Share your dilemmas and get honest opinions from other Mumsnetters.

Aibu to put my DD in nursery full time?

59 replies

Tippee · 10/06/2013 13:33

I will be going back to work next month for 4 days per week. My dd will be 9 months old and will be going to nursery 4 days per week. I don't have any family around apart from my DH and his mother, father and sister.

I have heard through the grapevine that my mil is annoyed that my Dd is going to nursery. I have heard that she wants to take care of her.

I thought I'd make a post on here so I can get some honest advice.

I will cut to the point and I'm sure I am going to get some harsh get a grip comments but I can take it so please be honest as I need to sort my head out very soon.

Basically me and mil aren't close. She is a bit patronising, and a bit interfering and doesn't listen to what I have to say about DD. She goes on how she thinks she knows my dd more than me, annoying. When DD is hungry she always touches her lips and makes a sound I can read her like a book and mil always says that she's not and won't have it any other way. When I had DD she just interfered, I addressed things in the moment very calmly which I just don't know how I did as I was a hormonal wreck! Mil would get stroppy with me which I thought was very rude. DH cleared things up and now our relationship is a bit strained as she is quite a huffy person.

I always ask mil & fil to stay longer when she visits us so she can spend time with DD (she only lives round the corner) but she doesn't stay more than half an hour which is a shame. I always make an effort and talk to her I just think she doesn't like me as she is the type of person who hates being told what to do and simply doesn't like asking when she wants to do something with DD ie if Dd is asleep I don't want her woken, I would prefer mil to ask. If i have just settled Dd and mil has come round i do ask to please leave her as i have just got DD settled. This is rare but I like to put my foot down as its not fair on DD, sometimes dd just likes to sit in her chair if she doesn't want to play. Mil doesn't like being told to leave her alone and I do explain why. Once dd gets upset it is hard to settle her.

I always encourage mil to spend more time when she is here so I know I'm not making her feel unwelcome she just doesn't like how I have a few rules. And I know I haven't put these rules across rudely.

So it never occurred to me to ask mil if she wanted to provide childcare. To be honest I don't want her to provide childcare - maybe in the future but not at this time. There is also another issue is my sil she has NO boundaries and tries to compete for DD attention with me that I find odd and irritating. Sil has no children (I don't think she can have any which is a shame) so she goes on about doing firsts with my DD and I have also heard that she wants to look after DD one day a week. Without talking to me first.

I just DON'T feel comfortable. Both of them have no boundaries. I'm going to find it hard going back to work and all I will get from sil is 'look what I did with DD' ' I bought her first blah blah' I just feel that she will be playing mummy to my daughter - I have to be honest that I will feel jealous going to work and collecting DD and sil will be rubbing it in my face she is the last person I want looking after my dd. plus she was mean to me when I was pregnant - I think she was jealous, she was calling me fat and was a bit off with me.
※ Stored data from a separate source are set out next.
Lemma balance_matrix_neq0 q k l m (R : {set {ffun 'I_(k + l + m) -> H}}) i j :
  prime q ->
  (balance_matrix q (erefl _) R i j != 0) =
  (#|[pred z : {ffun 'I_m -> H} |
      [ffun t => join (join (enum_val i) (enum_val j)) z t] \in R]| %% q != 0)%N.
Proof.
move=> q_pr; rewrite mxE -(dvdn_pcharf (pchar_Fp q_pr)) /dvdn.
by congr (_ %% _ != _)%N; apply: eq_card => z; rewrite !inE tri_tupleE.
Qed.

Lemma rectangular_join k l (R : {set {ffun 'I_(k + l) -> H}}) :
  rectangular R -> (0 < k)%N -> (0 < l)%N ->
  rect2 (fun (x : {ffun 'I_k -> H}) (y : {ffun 'I_l -> H}) => [ffun t => join x y t] \in R).
Proof.
move=> R_rect k_gt0 l_gt0 x x' y y'.
pose I := [set t : 'I_(k + l) | (t < k)%N].
have mix_join (x1 x2 : {ffun 'I_k -> H}) (y1 y2 : {ffun 'I_l -> H}) :
    mix I [ffun t => join x1 y1 t] [ffun t => join x2 y2 t] = [ffun t => join x1 y2 t].
  by apply/ffunP => t; rewrite !ffunE inE /join; case: splitP.
have I_neq0 : I != set0.
  by apply/set0Pn; exists (lshift l (Ordinal k_gt0)); rewrite inE.
have I_neqT : I != setT.
  apply/negP => /eqP I_T; have := in_setT (rshift k (Ordinal l_gt0)).
  by rewrite -I_T inE /= addn0 ltnn.
have := R_rect I I_neq0 I_neqT [ffun t => join x y t] [ffun t => join x' y' t]
  [ffun t => join x y t] [ffun t => join x y' t].
by rewrite !mix_join.
Qed.

Lemma strongly_rectangular_balanced (S : structure H) :
  strongly_rectangular 2 S -> strongly_balanced 2 S.
Proof.
move=> S_rect n R def_R k l m e; case: n / e in R def_R *.
have [k0 | k_gt0] := posnP k.
  by subst k; apply: rank1_block_rows_le1; rewrite card_ffun card_ord.
have [l0 | l_gt0] := posnP l.
  by subst l; apply: rank1_block_cols_le1; rewrite card_ffun card_ord.
have kl_gt1 : (1 < k + l)%N by rewrite -(addn1 1) leq_add.
pose odd_count (a : {ffun 'I_(k + l) -> H}) :=
  (#|[pred z : {ffun 'I_m -> H} | [ffun t => join a z t] \in R]| %% 2 != 0)%N.
have odd_count_join (x : {ffun 'I_k -> H}) (y : {ffun 'I_l -> H}) :
    odd_count [ffun t => join x y t] =
    (#|[pred z : {ffun 'I_m -> H} | [ffun t => join (join x y) z t] \in R]| %% 2 != 0)%N.
  congr (_ %% _ != _)%N; apply: eq_card => z; rewrite !inE.
  by congr (_ \in R); apply/eq_ffun/eq_join => // t; rewrite ffunE.
have odd_rect := rectangular_join
  (S_rect _ _ (mpp_definable_count def_R) kl_gt1) k_gt0 l_gt0.
apply: rect_support_rank1_block => [i j /F2_neq0_eq1 // | i i' j j'].
rewrite !balance_matrix_neq0 // -!odd_count_join.
by move: (odd_rect (enum_val i) (enum_val i') (enum_val j) (enum_val j')); rewrite !inE.
Qed.

Definition split_dup n (I : {set 'I_n}) (t : 'I_n) : 'I_(n + n + 0) :=
  lshift 0 (if t \in I then lshift n t else rshift n t).

Lemma tri_tuple_split_dup n (I : {set 'I_n}) (x y : {ffun 'I_n -> H}) z :
  [ffun t => tri_tuple (erefl (n + n + 0)%N) x y z (split_dup I t)] = mix I x y.
Proof.
apply/ffunP => t; rewrite tri_tupleE !ffunE /split_dup.
by case: (t \in I); rewrite join_lshift ?join_lshift ?join_rshift.
Qed.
And when I fell pregnant the first time I miscarried and she said oh well at least you got pregnant - so heartless! I was absolutely devastated and that's all she could say to me? I haven't liked her for the past two years. I just get on to keep the peace.

If I eventually let my mil look after DD then she will pawn my dd off to my sil ewwww! DH said that mil said that if she provides childcare then she will let sil get involved. This just pissed me off. What so she can have a chance to play mummy to my daughter. All these discussions happen when im not there. It just seriously pisses me off and gets my back up.
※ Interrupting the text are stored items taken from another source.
Lemma in_Tn_harmonic (N k : nat) (al1 be1 : R) : (k <= N)%nat ->
  in_Tn N (fun t => al1 * cos (INR k * t) + be1 * sin (INR k * t)).
Proof.
  intros Hk. apply (in_Tn_mono k); [exact Hk|]. destruct k as [|k].
  - apply (in_Tn_ext _ (fun _ => al1)); [|apply in_Tn_const].
    intros t. simpl. rewrite Rmult_0_l, cos_0, sin_0. ring.
  - apply (in_Tn_ext _ (fun t => 0 + (al1 * cos (INR (S k) * t) + be1 * sin (INR (S k) * t)))).
    + intros; ring.
    + apply in_Tn_succ, (in_Tn_mono 0); [lia|apply in_Tn_const].
Qed.

Lemma in_Tn_cos_mul (N : nat) (f : R -> R) : in_Tn N f -> in_Tn (S N) (fun t => cos t * f t).
Proof.
  intros [al [be Hf]].
  apply (in_Tn_ext _ (fun t => cos t * (al O + trig_sum al be N t))).
  { intros t. rewrite Hf. reflexivity. }
  clear f Hf. induction N as [|N IH].
  - apply (in_Tn_ext _ (fun t => al O * cos (INR 1 * t) + 0 * sin (INR 1 * t))).
    + intros t. simpl. rewrite Rmult_1_l. ring.
    + now apply in_Tn_harmonic.
  - set (al1 := al (S N)). set (be1 := be (S N)).
    apply (in_Tn_ext _ (fun t => cos t * (al O + trig_sum al be N t)
      + ((al1 / 2 * cos (INR (S (S N)) * t) + be1 / 2 * sin (INR (S (S N)) * t))
         + (al1 / 2 * cos (INR N * t) + be1 / 2 * sin (INR N * t))))).
    + intros t. cbn [trig_sum]. fold al1 be1.
      replace (INR (S (S N)) * t) with (INR (S N) * t + t) by (rewrite !S_INR; ring).
      replace (INR N * t) with (INR (S N) * t - t) by (rewrite !S_INR; ring).
      rewrite cos_plus, cos_minus, sin_plus, sin_minus. field.
    + apply in_Tn_add; [exact (in_Tn_mono (S N) _ _ (le_S _ _ (le_n _)) IH)|].
      apply in_Tn_add; apply in_Tn_harmonic; lia.
Qed.

Lemma nat_pair_ind (P : nat -> Prop) :
  P O -> P 1%nat -> (forall k, P k -> P (S k) -> P (S (S k))) -> forall k, P k.
Proof. intros; apply Nat.pair_induction; auto. intros ? ? ->; reflexivity. Qed.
I don't like mil or sil much they are extremely pushy, want their own way type of people. I can handle them even though I don't like them much I wouldn't limit the amount of time they wish to spend with Dd but I'm not ok with childcare.

I do feel like I am being unreasonable but I can't help feelings that I have.

I just wished mil and sil were a bit different.

Do I just keep DD nursery days as they are? Or do I just let myself go let let mil do childcare and bit the bullet? I need to seriously sort my head out. My friend said that they would get offended, but isn't it my decision?

OP posts:
Rowanred · 10/06/2013 13:37

Woah. I wouldn't let them look after her either, sounds like trouble waiting to happen!

She will love nursery and at least you can be sure the nursery staff will follow your wishes!

BettySwollocksandaCrustyRack · 10/06/2013 13:39

I would def put her in the nurseryand not with MIL - that would be asking for trouble!!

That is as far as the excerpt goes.